→ **ASSIGNED TASK**
Exactly the lines from the one holding "1) * Rpower" through the final line of the data are wanted, copied as written.

→ **LISTED RECORDS**
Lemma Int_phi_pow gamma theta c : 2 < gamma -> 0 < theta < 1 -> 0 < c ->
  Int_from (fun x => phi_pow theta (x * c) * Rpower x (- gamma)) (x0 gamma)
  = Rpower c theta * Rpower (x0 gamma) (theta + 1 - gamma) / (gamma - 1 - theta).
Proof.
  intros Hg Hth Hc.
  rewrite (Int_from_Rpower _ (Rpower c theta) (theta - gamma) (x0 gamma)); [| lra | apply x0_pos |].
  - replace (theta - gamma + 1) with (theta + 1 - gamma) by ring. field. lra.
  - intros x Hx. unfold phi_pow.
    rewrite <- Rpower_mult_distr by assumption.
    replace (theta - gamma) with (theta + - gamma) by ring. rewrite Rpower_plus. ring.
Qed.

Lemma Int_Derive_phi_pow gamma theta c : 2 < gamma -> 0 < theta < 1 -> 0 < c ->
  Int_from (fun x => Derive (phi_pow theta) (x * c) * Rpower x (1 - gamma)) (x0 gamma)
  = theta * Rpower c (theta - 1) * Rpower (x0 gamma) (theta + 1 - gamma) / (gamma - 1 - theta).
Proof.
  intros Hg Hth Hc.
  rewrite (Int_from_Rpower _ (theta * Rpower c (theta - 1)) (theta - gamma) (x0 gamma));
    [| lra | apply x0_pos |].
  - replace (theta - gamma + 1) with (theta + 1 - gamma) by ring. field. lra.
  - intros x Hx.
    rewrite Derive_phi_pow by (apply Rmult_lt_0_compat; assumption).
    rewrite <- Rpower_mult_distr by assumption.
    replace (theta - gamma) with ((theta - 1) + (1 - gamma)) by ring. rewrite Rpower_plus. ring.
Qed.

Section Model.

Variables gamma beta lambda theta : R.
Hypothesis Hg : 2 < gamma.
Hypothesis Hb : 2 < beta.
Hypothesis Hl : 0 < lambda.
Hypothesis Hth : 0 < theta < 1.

→ **FINISHED EXERCISE**
  = theta * Rpower c (theta - 1) * Rpower (x0 gamma) (theta + 1 - gamma) / (gamma - 1 - theta).
Proof.
  intros Hg Hth Hc.
  rewrite (Int_from_Rpower _ (theta * Rpower c (theta - 1)) (theta - gamma) (x0 gamma));
    [| lra | apply x0_pos |].
  - replace (theta - gamma + 1) with (theta + 1 - gamma) by ring. field. lra.
  - intros x Hx.
    rewrite Derive_phi_pow by (apply Rmult_lt_0_compat; assumption).
    rewrite <- Rpower_mult_distr by assumption.
    replace (theta - gamma) with ((theta - 1) + (1 - gamma)) by ring. rewrite Rpower_plus. ring.
Qed.

Section Model.

Variables gamma beta lambda theta : R.
Hypothesis Hg : 2 < gamma.
Hypothesis Hb : 2 < beta.
Hypothesis Hl : 0 < lambda.
Hypothesis Hth : 0 < theta < 1.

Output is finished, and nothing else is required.